(* Each new identity may be derived from the relations and from the identities before it. *)
Fixpoint check_identities (R E : twist_rels)
    (fs : list (list twist_op * list twist_op * list (nat * nat * bool * bool))) : bool :=
  match fs with
  | [] => true
  | (s, t, d) :: fs' =>
      match twist_rewrite_run R E s d with
      | Some w => if list_eq_dec twist_op_eq_dec w t then check_identities R (E ++ [(s, t)]) fs'
                  else false
      | None => false
      end
  end.

Lemma check_identities_sound R fs : forall E,
  relations_valid R -> identities_valid E -> check_identities R E fs = true ->
  identities_valid (E ++ map (fun '(s, t, _) => (s, t)) fs).
Proof.
  induction fs as [|[[s t] d] fs IH]; intros E HR HE C; simpl in *.
  - now rewrite app_nil_r.
  - destruct (twist_rewrite_run R E s d) as [w|] eqn:Hrun; [|discriminate].
    destruct (list_eq_dec _ w t) as [->|]; [|discriminate].
    assert (HE' : identities_valid (E ++ [(s, t)])).
    { intros s' t' Hin. apply in_app_or in Hin as [Hin|[Hin|[]]]; [now apply HE|].
      injection Hin as <- <-. eapply twist_rewrite_run_sound; eauto. }
    specialize (IH _ HR HE' C). now rewrite <- app_assoc in IH.
Qed.

(* Inverse twists, the 5-move [Hp^5 = id] and the braid-like relation [Hp Vm Hp = Vm Hp Vm]. *)
Definition relation_certificates :
    list (list twist_op * list twist_op * list (nat * rule * bool)) := [
  ([Hp; Hm], [], [(1, rl_zigzag_l 2, true); (3, rl_slide_cap true 1, true);
      (2, rl_far KCap (KCrs false) 1 0, true); (0, rl_slide_cup true 2, false);
      (1, rl_R2 true 3, true); (0, rl_zigzag_l 1, true)]);
  ([Hm; Hp], [], [(1, rl_zigzag_l 2, true); (3, rl_slide_cap false 1, true);
      (2, rl_far KCap (KCrs true) 1 0, true); (0, rl_slide_cup false 2, false);
      (1, rl_R2 false 3, true); (0, rl_zigzag_l 1, true)]);
  ([Vp; Vm], [], [(1, rl_R2 false 0, true)]);
  ([Vm; Vp], [], [(1, rl_R2 true 0, true)]);
  ([Hp; Hp; Hp; Hp; Hp], [], [(6, rl_zigzag_l 1, false); (7, rl_far KCap (KCrs true) 1 1, true);
      (8, rl_far KCap KCap 1 0, true); (9, rl_far KCap (KCrs true) 1 1, true);
      (10, rl_far KCap KCap 1 0, true); (11, rl_far KCap (KCrs true) 1 1, true);
      (12, rl_far KCap KCap 1 0, true); (13, rl_far KCap (KCrs true) 1 1, true);
      (14, rl_far KCap KCap 1 0, true); (15, rl_far KCap (KCrs true) 1 1, true);
      (16, rl_far KCap KCap 1 0, true); (0, rl_five 2, false); (1, rl_zigzag_l 1, true)]);
  ([Hp; Vm; Hp], [Vm; Hp; Vm], [(1, rl_zigzag_l 2, true); (0, rl_slide_cup false 2, false);
      (1, rl_far KCap (KCrs false) 1 0, false); (0, rl_zigzag_l 1, true);
      (2, rl_slide_cap true 1, true); (0, rl_R3 false 0, false);
      (2, rl_far (KCrs false) KCap 0 0, true); (1, rl_slide_cap true 1, false);
      (0, rl_zigzag_l 2, false)])].
Lemma is_lim_Cseq_of_telescope (c : nat -> C) (s : C) :
  is_series (fun k => c k - c (S k)) s -> is_lim_Cseq c (c O - s).
Proof.
  intros Hs. apply is_lim_Cseq_unshift.
  apply (is_lim_Cseq_ext (fun n => c O - sum_n (fun k => c k - c (S k)) n)).
  - intros n. rewrite sum_n_telescope. ring.
  - apply is_lim_Cseq_plus; [apply is_lim_Cseq_const|].
    apply is_lim_Cseq_opp. exact Hs.
Qed.

(** * q-Pochhammer symbols *)

Lemma qpoch_S (a q : C) (n : nat) : qpoch a q (S n) = qpoch a q n * (1 - a * q ^ n).
Proof. reflexivity. Qed.

Lemma qpoch_add (a q : C) (m n : nat) : qpoch a q (m + n) = qpoch a q m * qpoch (a * q ^ m) q n.
Proof.
  induction n as [|n IH].
  - rewrite Nat.add_0_r. simpl. ring.
  - rewrite Nat.add_succ_r, !qpoch_S, IH, Cpow_add_r. ring.
Qed.

Lemma qpoch_double (a q : C) (n : nat) :
  qpoch a q (2 * n) = qpoch a (q ^ 2) n * qpoch (a * q) (q ^ 2) n.
Proof.
  induction n as [|n IH].
  - simpl. ring.
  - replace (2 * S n)%nat with (S (S (2 * n))) by lia.
    rewrite !qpoch_S, IH, (Cpow_S q (2 * n)), <- Cpow_mult_r. ring.
Qed.

Lemma qpoch_mul_opp (a q : C) (n : nat) :
  qpoch a q n * qpoch (- a) q n = qpoch (a ^ 2) (q ^ 2) n.
Proof.
  induction n as [|n IH].
  - simpl. ring.
  - rewrite !qpoch_S, <- IH, <- Cpow_mult_r, Nat.mul_comm, Cpow_mult_r. ring.
Qed.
# # # # # # #
Write out only the lines that run from the line containing "destruct (list_eq_dec _" through the line containing "[now apply HE|].", both included, exactly as they appear above.

    destruct (list_eq_dec _ w t) as [->|]; [|discriminate].
    assert (HE' : identities_valid (E ++ [(s, t)])).
    { intros s' t' Hin. apply in_app_or in Hin as [Hin|[Hin|[]]]; [now apply HE|].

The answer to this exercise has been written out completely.